I am using Polars ({ version = "0.38.3", features = ["lazy", "streaming", "parquet", "fmt", "polars-io", "json"] }) with Rust (v1.77.0) to process a large dataset (larger than available memory) inside a Docker container. The Docker container's memory is intentionally limited to 6GB using --memory=20gb and --shm-size=20gb. I am encountering an out of memory error while performing calculations on the dataset.
Here's an overview of my workflow:
1- Load the dataset from a Parquet file using scan_parquet to create a LazyDataframe.
2- Perform transformations on the dataframe, which is unnesting.
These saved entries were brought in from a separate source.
(* For every integer $T>0$ and real $\lambda>0$: (i) with $r=\sqrt{(T+1)n}$ and $n\ge r^2/\lambda^2$, $\mathsf{VC}\text{-}\mathsf{dim}\big(\mathbb{H}_{r,\lambda}(\mathcal{E}_{\mathsf{WLOA}}(n,d_T))\big)\in\Theta(r^2/\lambda^2)$; (ii) with $r=\sqrt{T/(T+1)}$ and $n\ge r^2/\lambda^2$, $\mathsf{VC}\text{-}\mathsf{dim}\big(\mathbb{H}_{1,\lambda}(\overline{\mathcal{E}}_{\mathsf{WLOA}}(n,d_T))\big)\in\Theta(1/\lambda^2)$.
   Context: $\mathcal{G}_n$ is the set of (unlabeled, simple, undirected) graphs on $n$ vertices. $1$-WL colouring: $C^1_0$ constant, $C^1_t(v)=\mathsf{RELABEL}(C^1_{t-1}(v),\{\!\{C^1_{t-1}(u):u\in N(v)\}\!\})$ with a fixed injective $\mathsf{RELABEL}$ shared by all graphs; $\Sigma_t$ is the set of colours at round $t$ over all of $\mathcal{G}_n$ and $\phi_t(G)_c$ is the number of vertices of $G$ with colour $c$ at round $t$. The Weisfeiler–Leman optimal assignment feature map $\phi^{(T)}_{\mathsf{WLOA}}(G)\in\{0,1\}^{d_T}$ has one coordinate for each triple $(t,c,j)$ with $t\in\{0,\dots,T\}$, $c\in\Sigma_t$, $j\in\{1,\dots,n\}$, equal to $1$ if $\phi_t(G)_c\ge j$ and $0$ otherwise (so $\langle\phi^{(T)}_{\mathsf{WLOA}}(G),\phi^{(T)}_{\mathsf{WLOA}}(H)\rangle=\sum_{t=0}^T\sum_{c\in\Sigma_t}\min(\phi_t(G)_c,\phi_t(H)_c)$). $\overline{\phi^{(T)}_{\mathsf{WLOA}}}$ is its normalisation to unit Euclidean norm; $\mathcal{E}_{\mathsf{WLOA}}(n,d_T)=\{\phi^{(T)}_{\mathsf{WLOA}}\}$, $\overline{\mathcal{E}}_{\mathsf{WLOA}}(n,d_T)=\{\overline{\phi^{(T)}_{\mathsf{WLOA}}}\}$. A sample $(\mathbf{x}_i,y_i)\subset\mathbb{R}^d\times\{0,1\}$ is $(r,\lambda)$-separable if the points lie in a ball of radius $r$ and the distance between the convex hulls of the two classes is at least $2\lambda$. $\mathbb{H}_{r,\lambda}(\mathcal{E})$ is the set of partial concepts $h:\mathcal{G}_n\to\{0,1,\star\}$ such that every finite list of graphs with $h\neq\star$, labelled by $h$ and embedded by some $\mathrm{emb}\in\mathcal{E}$, is $(r,\lambda)$-separable. VC dimension: largest size of a set shattered by the class (every $0/1$ pattern realised). *)

From HB Require Import structures.
From mathcomp Require Import all_boot all_order all_algebra fingroup perm.
From mathcomp Require Import boolp reals.
Set Implicit Arguments. Unset Strict Implicit. Unset Printing Implicit Defensive.
Import Order.TTheory GRing.Theory Num.Theory.
Lemma mx_norm_le_enorm u : `|u| <= enorm u.
Proof.
rewrite [leLHS]/Num.norm /= mx_normrE; apply: bigmax_le; first exact: enorm_ge0.
by move=> [i j] _ /=; rewrite (ord1 i); exact: normr_coord_le_enorm.
Qed.

End EuclideanNorm.

Lemma continuous_sum (R : realType) (T : topologicalType) (I : Type) (s : seq I)
    (F : I -> T -> R) :
  (forall i, continuous (F i)) -> continuous (fun x => \sum_(i <- s) F i x).
Proof.
move=> Fc; elim: s => [|i s IH].
  by under eq_fun do rewrite big_nil; exact: cst_continuous.
under eq_fun do rewrite big_cons.
by move=> x; apply: continuousD; [exact: Fc | exact: IH].
Qed.

Section EuclideanTopology.
Variables (R : realType) (N : nat).

Lemma enorm_continuous : continuous (@enorm R N).
Proof.
move=> x; apply: continuous_comp; last exact: sqrt_continuous.
apply: (@continuous_sum _ _ _ _ (fun a (u : 'rV[R]_N) => u 0 a ^+ 2)) => a y.
by rewrite /GRing.exp /=; apply: continuousM; exact: coord_continuous.
Qed.

Lemma closed_enorm_preimage (W : 'rV[R]_N) (P : set R) :
  closed P -> closed [set y | P (enorm (y - W))].
Proof.
have fc : continuous (fun y : 'rV[R]_N => enorm (y - W)).
  move=> y; apply: continuous_comp; last exact: enorm_continuous.
  by apply: continuousB; [exact: cvg_id | exact: cst_continuous].
exact: (proj1 (continuous_closedP _) fc).
Qed.

Lemma compact_enorm_preimage (W : 'rV[R]_N) (P : set R) (r : R) :
  closed P -> (forall x, P x -> x <= r) -> compact [set y | P (enorm (y - W))].
Proof.
move=> clP Pr; apply: bounded_closed_compact; last exact: closed_enorm_preimage.
apply: filterS (nbhs_pinfty_gt (num_real (r + enorm W))) => M hM y /= Py.
apply: le_trans (mx_norm_le_enorm _) _; apply: ltW; apply: le_lt_trans hM.
by rewrite -{1}(subrK W y) (le_trans (ler_enormD _ _)) // lerD2r Pr.
Qed.

End EuclideanTopology.

Section Rayleigh.
Variables (R : realType) (N : nat) (H : 'M[R]_N).
Implicit Types u v : 'rV[R]_N.

Definition bform u v := (u *m H *m v^T) 0 0.

Lemma bformE u v : bform u v = dotv (u *m H) v.
Proof. by rewrite /bform /dotv [LHS]mxE; apply: eq_bigr => b _; rewrite [v^T _ _]mxE. Qed.

Lemma bformZ (c : R) u : bform (c *: u) (c *: u) = c ^+ 2 * bform u u.
Proof. by rewrite !bformE -scalemxAl dotvZl dotvZr mulrA -expr2. Qed.

Lemma bform_continuous : continuous (fun u => bform u u).
Proof.
have -> : (fun u => bform u u) = (fun u => \sum_(b < N) (\sum_(a < N) u 0 a * H a b) * u 0 b).
  by apply: funext => u; rewrite bformE; apply: eq_bigr => b _; rewrite mxE.
apply: (@continuous_sum _ _ _ _ (fun b u => (\sum_(a < N) u 0 a * H a b) * u 0 b)) => b y.
apply: continuousM; last exact: coord_continuous.
apply: (@continuous_sum _ _ _ _ (fun a u => u 0 a * H a b)) => a z.
by apply: continuousM; [exact: coord_continuous | exact: cst_continuous].
Qed.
3- Write the resulting data to disk as a Parquet file using sink_parquet.
Here is a code snippet that demonstrates the relevant parts of my Rust code:
use jemallocator::Jemalloc;
use polars::{
prelude::*,
};
use std::time::Instant;
#[global_allocator]
static GLOBAL: Jemalloc = Jemalloc;
fn main() {
let now = Instant::now();
let mut lf = LazyFrame::scan_parquet(
"./dataset.parquet",
ScanArgsParquet {
low_memory: true,
..Default::default()
},
)
.unwrap()
.with_streaming(true);
lf = lf.unnest(["fields"]);
let query_plan = lf.clone().explain(true).unwrap();
println!("{}", query_plan);
lf.sink_parquet("./result.parquet".into(), Default::default())
.unwrap();
let elapsed = now.elapsed();
println!("Elapsed: {:.2?}", elapsed);
}
Despite using LazyFrame and enabling low_memory mode in ScanArgsParquet, I still encounter an out of memory error during the execution of the code.
I have tried the following:
- Using the jemallocator crate as the global allocator.
- Enabling streaming mode using with_streaming(true) for the LazyFrame operations.
- Using the
low_memory: truein the scan_parquet function.
The printed plan indicates that every operation should be run in the streaming engine:
--- STREAMING
UNNEST by:[fields]
Parquet SCAN ./resources/dataset.parquet
PROJECT */2 COLUMNS --- END STREAMING
DF []; PROJECT */0 COLUMNS; SELECTION: "None"
However, I am still running into memory issues when processing the large dataset (Parquet file size = 20GB).
My questions are:
- Why I'm getting the OOM error while everything is indicating it is using the streaming engine ?
- Is there another way to leverage disk-based processing or chunking the data to handle datasets larger than memory?
Any guidance or suggestions on how to resolve this issue would be greatly appreciated. Thank you in advance!